I may not be putting this eloquently, but the user of the computer could be a huge company using their freedom to build a killing machine. Their are real balances of power that this seems to not address. I'm probably just kind of rambling. I. Not trying to offend anyone.

EDIT: I guess what I'm trying to say is that it's taken as a given that this type of free software would somehow address these imbalances of power and I don't think that's the lesson that you could take from the last 20 years.




Free software introduces one balance of power: by drastically reducing switching costs it reduces the power of the software creator.

As an example: if I don't like the direction MS is heading with MS Word my only real options are never upgrading or switching to a competitor.
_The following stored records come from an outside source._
Lemma pd_fin_interval k U V : U < V <= n ->
  iter k omega2 U \in [:: 0; n] -> iter k omega2 V \in [:: 0; n] ->
  pd_fin k.*2.+1 n c (vtx n i0 U) (V - U).
Proof.
elim: k U V => [|k IH] U V /andP[lt_UV le_Vn] end_U end_V.
  have [-> ->] : U = 0 /\ V = n.
    by move: end_U end_V; rewrite /= !inE => /orP[]/eqP U_eq /orP[]/eqP V_eq; lia.
  by rewrite subn0 vtx0 //= c_i0 eqxx.
rewrite doubleS pd_fin_interval_SS ?(ltnW lt_UV) //; apply/orP; right.
case: eqP => //= reach_ne.
have RUV := reach_mono (ltnW lt_UV); have /andP[_ RV_le] := reach_bounds le_Vn.
have /andP[RU_ge _] := reach_bounds (ltnW (leq_trans lt_UV le_Vn)).
by apply: IH; rewrite -?iterSr // /omega2; apply/andP; split; lia.
Qed.

Lemma cyclic_finite_gldim : finite_gldim n c.
Proof.
move=> i i_lt; pose U := (i + (n - i0)) %% n.
have U_lt : U < n by rewrite ltn_pmod //; case: c_cyclic.
have omega2_mono z w : z <= w <= n -> omega2 z <= omega2 w.
  by case/andP=> le_zw _; rewrite leq_sub2r // reach_mono.
have omega2_0 : omega2 0 = 0 by rewrite /omega2 /reach vtx0 // c_i0 subnn.
have omega2_n : omega2 n = n by rewrite /omega2 /reach vtxnn // c_i0 addnK.
have [k [end_U end_V]] :=
  iter_reaches_end2 omega2_mono omega2_0 omega2_n omega2_neq (ltnW U_lt) U_lt.
exists k.*2.+1; have := pd_fin_interval (V := U.+1) _ end_U end_V.
by rewrite /U vtx_sub // subSnn; apply; rewrite ltnSn.
Qed.

End CyclicTermination.

Lemma num_proj_dim1P n c d : num_proj_dim n c d = 1 <->
  exists i0, [/\ i0 < n, c i0 = d & forall i, i < n -> c i = d -> i = i0].
Proof.
split=> [/eqP/cards1P[i0 def_i0]|[i0 [i0_lt ci0 uniq]]].
  exists i0; split=> // [|i i_lt ci].
    by move: (set11 i0); rewrite -def_i0 inE => /eqP.
  have : Ordinal i_lt \in [set i : 'I_n | c i == d] by rewrite inE ci.
  by rewrite def_i0 in_set1 => /eqP/(congr1 val).
apply/eqP/cards1P; exists (Ordinal i0_lt); apply/setP => i; rewrite !inE.
by apply/eqP/eqP => [/(uniq _ (ltn_ord i)) i_eq|->]; first exact: val_inj.
Qed.

Lemma loewy_length_geP n c m : 0 < n ->
  m <= loewy_length n c <-> exists2 a, a < n & m <= c a.
Proof.
move=> n_gt0; split=> [|[a a_lt ma]]; last exact: leq_trans ma (leq_bigmax (Ordinal a_lt)).
rewrite /loewy_length.
by have [|i ->] := @bigop.eq_bigmax _ (fun i : 'I_n => c i); [rewrite card_ord | exists i].
Qed.

Theorem proposition4p4 (n : nat) (c : nat -> nat) :
  nakayama_kupisch n c ->
  ((finite_gldim n c /\ magnitude n c = 1%R) <-> num_proj_dim n c n = 1) /\
  (num_proj_dim n c n = 1 <-> (finite_gldim n c /\ n <= loewy_length n c)).
Proof.
move=> Hk; have n_gt0 : 0 < n by case: Hk => [[]|[]].
have cartan_inv := finite_gldim_cartan (kupisch_c_gt0 Hk) (kupisch_shift Hk).
have uniq_of_gl : finite_gldim n c -> (exists2 i, i < n & c i = n) ->
    num_proj_dim n c n = 1.
  move=> /cartan_inv[C_unit _] [i i_lt ci]; apply/num_proj_dim1P.
  exists i; split=> // j j_lt cj.
  by have /(congr1 val) := dim_n_proj_uniq C_unit (a := Ordinal j_lt) (b := Ordinal i_lt) cj ci.
have gl_of_uniq : num_proj_dim n c n = 1 -> finite_gldim n c.
  case/num_proj_dim1P => i0 [i0_lt ci0 uniq].
  case: Hk => [/linear_finite_gldim //|Hc]; exact: cyclic_finite_gldim Hc i0_lt ci0 uniq.
have dim_le : finite_gldim n c -> exists2 b, b < n & c b <= n.
  by case/cartan_inv => C_unit [s rowsum]; apply: (exists_dim_le C_unit rowsum).
split; split.
- case=> gl mag1; have [C_unit [s rowsum]] := cartan_inv gl.
  exact: uniq_of_gl gl (kupisch_dim_n Hk (exists_dim_ge C_unit rowsum mag1) (dim_le gl)).
- move=> uniq; have gl := gl_of_uniq uniq; split=> //.
  case/num_proj_dim1P: uniq => i0 [i0_lt ci0 _]; have [C_unit _] := cartan_inv gl.
  exact: magnitude_dim_n C_unit (Ordinal i0_lt) ci0.
- move=> uniq; split; first exact: gl_of_uniq.
  case/num_proj_dim1P: uniq => i0 [i0_lt ci0 _].
  by apply/loewy_length_geP => //; exists i0; rewrite ?ci0.
- case=> gl /loewy_length_geP-/(_ n_gt0) dim_ge.
  exact: uniq_of_gl gl (kupisch_dim_n Hk dim_ge (dim_le gl)).
Qed.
That switch would be painful, I would have to learn a new interface, import my files etc. So MS can push a lot of stuff on me, as long as enduring that is less painful than switching to another program. In contrast, if I dislike the direction Libre Office is heading I fork it and selectively merge the changes I like. And if my opinion is shared widely enough my fork might replace the original project.

That's also why benevolent dictators are so popular for free software projects: it's efficient, and if the dictator becomes a tyrant someone will just fork.

What free software doesn't is prevent the construction of killer robot swarms. But if the killer robot swarm is free software you can fork it and build a killer robot killer swarm :)


> That's also why benevolent dictators are so popular for free software projects: it's efficient, and if the dictator becomes a tyrant someone will just fork.

Just like a blockchain that runs of coffee instead of electricity.


> Their are real balances of power that this seems to not address.

Yeah, don't expect to solve all of these with a software license.